Work order:
Among the lines below, keep only those from the one containing "as P_i, so P_i = Q_c. *)" through the one containing "(* |c|^2 is 0", and reproduce them exactly.
+++ Data excerpts +++
(* E_+ is nonzero: if e is not negated by P i then e + e P_i is fixed,
   otherwise e P_i' is fixed. *)
Lemma exists_unit_fixed : (0 < l)%N ->
  exists x0 : 'rV[R]_(l.*2), dotv x0 x0 = 1 /\ x0 *m P i = x0.
Proof.
move=> l0; suff [u u0 uPi] : exists2 u : 'rV[R]_(l.*2), u != 0 & u *m P i = u.
  have [r [y [r0 ny] uy]] := normalize u0; exists y; split => //.
  by apply: (@scalerI _ _ r); rewrite ?gt_eqF // scalemxAl -uy.
have n0 : (0 < l.*2)%N by rewrite double_gt0.
set e : 'rV[R]_(l.*2) := delta_mx 0 (Ordinal n0).
have e0 : e != 0.
  by apply/eqP => /matrixP /(_ 0 (Ordinal n0)); rewrite !mxE !eqxx => /eqP; rewrite oner_eq0.
have [sum0|sum_neq0] := eqVneq (e + e *m P i) 0; last first.
  by exists (e + e *m P i); rewrite // mulmxDl -mulmxA (cliff_sq HP) mulmx1 addrC.
have eN : e *m P i = - e by apply/eqP; rewrite -addr_eq0 addrC sum0.
have [i' i'i] := exists_other_index.
exists (e *m P i').
  apply: contra e0 => /eqP eP0.
  by rewrite -[e]mulmx1 -(cliff_sq HP i') mulmxA eP0 mul0mx.
by rewrite -mulmxA (cliff_anti HP i'i) mulmxN mulmxA eN mulNmx opprK.
Qed.

End Eigenspaces.

Section SameFibers.
Variable R : rcfType.
Variables l m k : nat.
Variable P : 'I_m.+1 -> 'M[R]_(l.*2).
Variable Q : 'I_k.+1 -> 'M[R]_(l.*2).
Hypothesis HP : is_clifford_basis P.
Hypothesis HQ : is_clifford_basis Q.
Hypothesis fibers_PQ : same_fibers P Q.
Hypothesis m0 : (0 < m)%N.
Variable i : 'I_m.+1.
Variable x0 : 'rV[R]_(l.*2).
Hypothesis x0_unit : dotv x0 x0 = 1.
Hypothesis x0_fixed : x0 *m P i = x0.

Definition coef (j : 'I_k.+1) : R := quad (Q j) x0.
Definition coef_norm : R := \sum_j coef j ^+ 2.
Definition Qcoef : 'M[R]_(l.*2) := cliff_comb Q coef.

Let x0_eigen : x0 *m P i = 1 *: x0. Proof. by rewrite scale1r. Qed.

(* The unit sphere of E_+ is a single fibre of pi_P, hence of pi_Q. *)
Lemma fixed_quadQ y : dotv y y = 1 -> y *m P i = y -> forall j, quad (Q j) y = coef j.
Proof.
move=> ny yPi; apply/(fibers_PQ ny x0_unit).
have y_eigen : y *m P i = 1 *: y by rewrite scale1r.
exact: (eigen_same_fiber HP (oner_neq0 R) y_eigen x0_eigen).
Qed.

Lemma fixed_quadQ_hom x : x *m P i = x -> forall j, quad (Q j) x = dotv x x * coef j.
Proof.
move=> xPi j; have [->|x_neq0] := eqVneq x 0; first by rewrite /quad mul0mx !dotv0l mul0r.
have [r [z [r0 nz] xz]] := normalize x_neq0.
have zPi : z *m P i = z by apply: (@scalerI _ _ r); rewrite ?gt_eqF // scalemxAl -xz.
by rewrite xz quadZ dotvZl dotvZr nz (fixed_quadQ nz zPi); ring.
Qed.

(* Conversely, a vector on which pi_Q takes the value |y|^2 c lies in E_+,
   because P_i attains its maximum on the fibre of x0. *)
Lemma fixed_of_quadQ y : y != 0 ->
  (forall j, quad (Q j) y = dotv y y * coef j) -> y *m P i = y.
Proof.
move=> y_neq0 qy; have [r [z [r0 nz] yz]] := normalize y_neq0.
have r2 : r ^+ 2 != 0 by rewrite expf_eq0 gt_eqF.
have qz j : quad (Q j) z = quad (Q j) x0.
  apply: (mulfI r2); have := qy j.
  by rewrite yz quadZ dotvZl dotvZr nz mulr1 => ->; rewrite /coef; ring.
have qPz := (fibers_PQ nz x0_unit).2 qz i.
have zPi : z *m P i = z.
  by apply: (fixed_of_quad1 HP nz); rewrite qPz /quad x0_fixed x0_unit.
by rewrite yz -scalemxAl zPi.
Qed.

(* Polarization of fixed_quadQ_hom: on E_+, <x Q_j, w> = <x, w> c_j. *)
Lemma fixed_polarQ x w j : x *m P i = x -> w *m P i = w ->
  dotv (x *m Q j) w = dotv x w * coef j.
Proof.
move=> xPi wPi.
have xwPi : (x + w) *m P i = x + w by rewrite mulmxDl xPi wPi.
have := fixed_quadQ_hom xwPi j.
rewrite (quadD _ _ (cliff_sym HQ j)) (fixed_quadQ_hom xPi) (fixed_quadQ_hom wPi).
rewrite !dotvDl !dotvDr [dotv w x]dotvC => h.
have : 2 * dotv (x *m Q j) w = 2 * (dotv x w * coef j) by lra.
by apply: mulfI; rewrite pnatr_eq0.
Qed.

Lemma fixed_polarQcoef x w : x *m P i = x -> w *m P i = w ->
  dotv (x *m Qcoef) w = dotv x w * coef_norm.
Proof.
move=> xPi wPi; rewrite /Qcoef /cliff_comb mulmx_sumr dotv_suml /coef_norm mulr_sumr.
by apply: eq_bigr => j _; rewrite -scalemxAr dotvZl (fixed_polarQ _ xPi wPi); ring.
Qed.

Lemma quad_Qcoef_x0 : quad Qcoef x0 = coef_norm.
Proof. by rewrite quad_comb; apply: eq_bigr => j _; rewrite expr2. Qed.

(* If |c| = 1, then Q_c is a symmetric involution with the same fixed space
   as P_i, so P_i = Q_c. *)
Lemma P_eq_Qcoef : coef_norm = 1 -> P i = Qcoef.
Proof.
move=> s1; apply: sym_invol_eq.
- exact: (cliff_sym HP).
- exact: (cliff_sq HP).
- exact: (cliff_comb_sym HQ).
- by rewrite (cliff_comb_sq HQ) -/coef_norm s1.
move=> x; split => [xPi | xQc].
  apply/eqP; rewrite -subr_eq0; apply/eqP/dotv_eq0.
  rewrite !dotvBl !dotvBr (dotv_comb HQ) -/coef_norm (fixed_polarQcoef xPi xPi).
  by rewrite [dotv x (x *m Qcoef)]dotvC (fixed_polarQcoef xPi xPi) s1; lra.
have [->|x_neq0] := eqVneq x 0; first by rewrite mul0mx.
apply: fixed_of_quadQ => //.
have [r [z [r0 nz] xz]] := normalize x_neq0.
have zQc : z *m Qcoef = z by apply: (@scalerI _ _ r); rewrite ?gt_eqF // scalemxAl -xz.
set d := fun j => quad (Q j) z.
have d_le1 := sum_quad_sq_le1 HQ nz; rewrite -/d in d_le1.
have cd1 : \sum_j coef j * d j = 1 by rewrite -quad_comb -/Qcoef /quad zQc nz.
have : \sum_j (d j - coef j) ^+ 2 = 0.
  have expand : \sum_j (d j - coef j) ^+ 2 =
                \sum_j d j ^+ 2 - (\sum_j coef j * d j) *+ 2 + coef_norm.
    by rewrite -sumrMnl -sumrB -big_split /=; apply: eq_bigr => j _; ring.
  apply/eqP; rewrite eq_le sumr_ge0 ?andbT => [|j _]; last by rewrite sqr_ge0.
  by rewrite expand cd1 s1; lra.
move/sumsq_eq0 => dc j; have /eqP : d j - coef j = 0 by [].
rewrite subr_eq0 /d => /eqP dcj; rewrite xz quadZ dcj dotvZl dotvZr nz; ring.
Qed.

(* |c|^2 is 0 or 1: the vector y = x0 Q_c has pi_Q(y) = |y|^2 c, so it lies
   in E_+, and the polarized identity at (x0, y - |c|^2 x0) forces
   |c|^2 (1 - |c|^2) = 0. *)
Lemma coef_norm_0_or_1 : coef_norm = 0 \/ coef_norm = 1.
Proof.
have [s0|s_neq0] := eqVneq coef_norm 0; [by left | right].
set y := x0 *m Qcoef.
have qy j : quad (Q j) y = coef_norm * coef j.
  rewrite /quad /y dotvMr (cliff_comb_sym HQ) -!mulmxA (mulmxA Qcoef).
  rewrite (cliff_comb_sandwich HQ) mulmxBr -!scalemxAr dotvBl !dotvZl.
  by rewrite [dotv (x0 *m Qcoef) x0]quad_Qcoef_x0 -/(quad (Q j) x0) -/(coef j) -/coef_norm; ring.
have yy : dotv y y = coef_norm by rewrite /y (dotv_comb HQ) x0_unit mulr1.
have y_neq0 : y != 0 by apply: contra s_neq0 => /eqP y0; rewrite -yy y0 dotv0l.
have yPi : y *m P i = y by apply: fixed_of_quadQ => // j; rewrite qy yy.
have wPi : (y - coef_norm *: x0) *m P i = y - coef_norm *: x0.
  by rewrite mulmxBl -scalemxAl yPi x0_fixed.
have := fixed_polarQcoef x0_fixed wPi.
rewrite -/y !dotvBr !dotvZr yy x0_unit [dotv y x0]dotvC [dotv x0 y]dotvC.
rewrite [dotv y x0]quad_Qcoef_x0 => h.
have : coef_norm * (1 - coef_norm) = 0 by lra.
by move/eqP; rewrite mulf_eq0 (negbTE s_neq0) subr_eq0 => /eqP.
Qed.

(* The case c = 0.  By polarization the vectors x0 Q_j are orthogonal to
   E_+, i.e. they lie in E_-. *)
Lemma coef0_images_neg : coef_norm = 0 -> forall j, x0 *m Q j *m P i = - (x0 *m Q j).
Proof.
move=> s0 j; have c0 : forall j, coef j = 0 := sumsq_eq0 s0.
apply: (eigenN_of_orth (cliff_sym HP i) (cliff_sq HP i)) => w wPi.
by rewrite (fixed_polarQ _ x0_fixed wPi) c0 mulr0.
Qed.

(* Moreover pi_Q vanishes on E_-: the unit sphere of E_- is the fibre of the
   unit vector x0 Q_0, where pi_Q = 0 by the sandwich identity. *)
Lemma coef0_quad_neg : coef_norm = 0 ->
  forall z, z *m P i = - z -> forall j, quad (Q j) z = 0.
Proof.
move=> s0 z zPi j; have c0 : forall j, coef j = 0 := sumsq_eq0 s0.
have [->|z_neq0] := eqVneq z 0; first by rewrite /quad mul0mx dotv0l.
have [r [z' [r0 nz'] zz']] := normalize z_neq0.
have z'_eigen : z' *m P i = (-1) *: z'.
  apply: (@scalerI _ _ r); rewrite ?gt_eqF //.
  by rewrite scalemxAl -zz' zPi zz' scaleN1r scalerN.
have u_eigen : x0 *m Q 0 *m P i = (-1) *: (x0 *m Q 0) by rewrite coef0_images_neg // scaleN1r.
have u_unit : dotv (x0 *m Q 0) (x0 *m Q 0) = 1 by rewrite (dotv_cliff HQ) eqxx mul1r x0_unit.
have N1_neq0 : (-1 : R) != 0 by rewrite oppr_eq0 oner_eq0.
have same := eigen_same_fiber HP N1_neq0 z'_eigen u_eigen nz' u_unit.
rewrite zz' quadZ ((fibers_PQ nz' u_unit).1 same j) /quad dotvMr (cliff_sym HQ).
rewrite -!mulmxA (mulmxA (Q 0)) (cliff_sandwich HQ) mulmxBr -scalemxAr dotvBl dotvZl.
by rewrite -/(quad (Q 0) x0) -/(quad (Q j) x0) -/(coef 0) -/(coef j) !c0 mulr0 subrr mulr0.
Qed.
+++
Answer below:
   as P_i, so P_i = Q_c. *)
Lemma P_eq_Qcoef : coef_norm = 1 -> P i = Qcoef.
Proof.
move=> s1; apply: sym_invol_eq.
- exact: (cliff_sym HP).
- exact: (cliff_sq HP).
- exact: (cliff_comb_sym HQ).
- by rewrite (cliff_comb_sq HQ) -/coef_norm s1.
move=> x; split => [xPi | xQc].
  apply/eqP; rewrite -subr_eq0; apply/eqP/dotv_eq0.
  rewrite !dotvBl !dotvBr (dotv_comb HQ) -/coef_norm (fixed_polarQcoef xPi xPi).
  by rewrite [dotv x (x *m Qcoef)]dotvC (fixed_polarQcoef xPi xPi) s1; lra.
have [->|x_neq0] := eqVneq x 0; first by rewrite mul0mx.
apply: fixed_of_quadQ => //.
have [r [z [r0 nz] xz]] := normalize x_neq0.
have zQc : z *m Qcoef = z by apply: (@scalerI _ _ r); rewrite ?gt_eqF // scalemxAl -xz.
set d := fun j => quad (Q j) z.
have d_le1 := sum_quad_sq_le1 HQ nz; rewrite -/d in d_le1.
have cd1 : \sum_j coef j * d j = 1 by rewrite -quad_comb -/Qcoef /quad zQc nz.
have : \sum_j (d j - coef j) ^+ 2 = 0.
  have expand : \sum_j (d j - coef j) ^+ 2 =
                \sum_j d j ^+ 2 - (\sum_j coef j * d j) *+ 2 + coef_norm.
    by rewrite -sumrMnl -sumrB -big_split /=; apply: eq_bigr => j _; ring.
  apply/eqP; rewrite eq_le sumr_ge0 ?andbT => [|j _]; last by rewrite sqr_ge0.
  by rewrite expand cd1 s1; lra.
move/sumsq_eq0 => dc j; have /eqP : d j - coef j = 0 by [].
rewrite subr_eq0 /d => /eqP dcj; rewrite xz quadZ dcj dotvZl dotvZr nz; ring.
Qed.

(* |c|^2 is 0 or 1: the vector y = x0 Q_c has pi_Q(y) = |y|^2 c, so it lies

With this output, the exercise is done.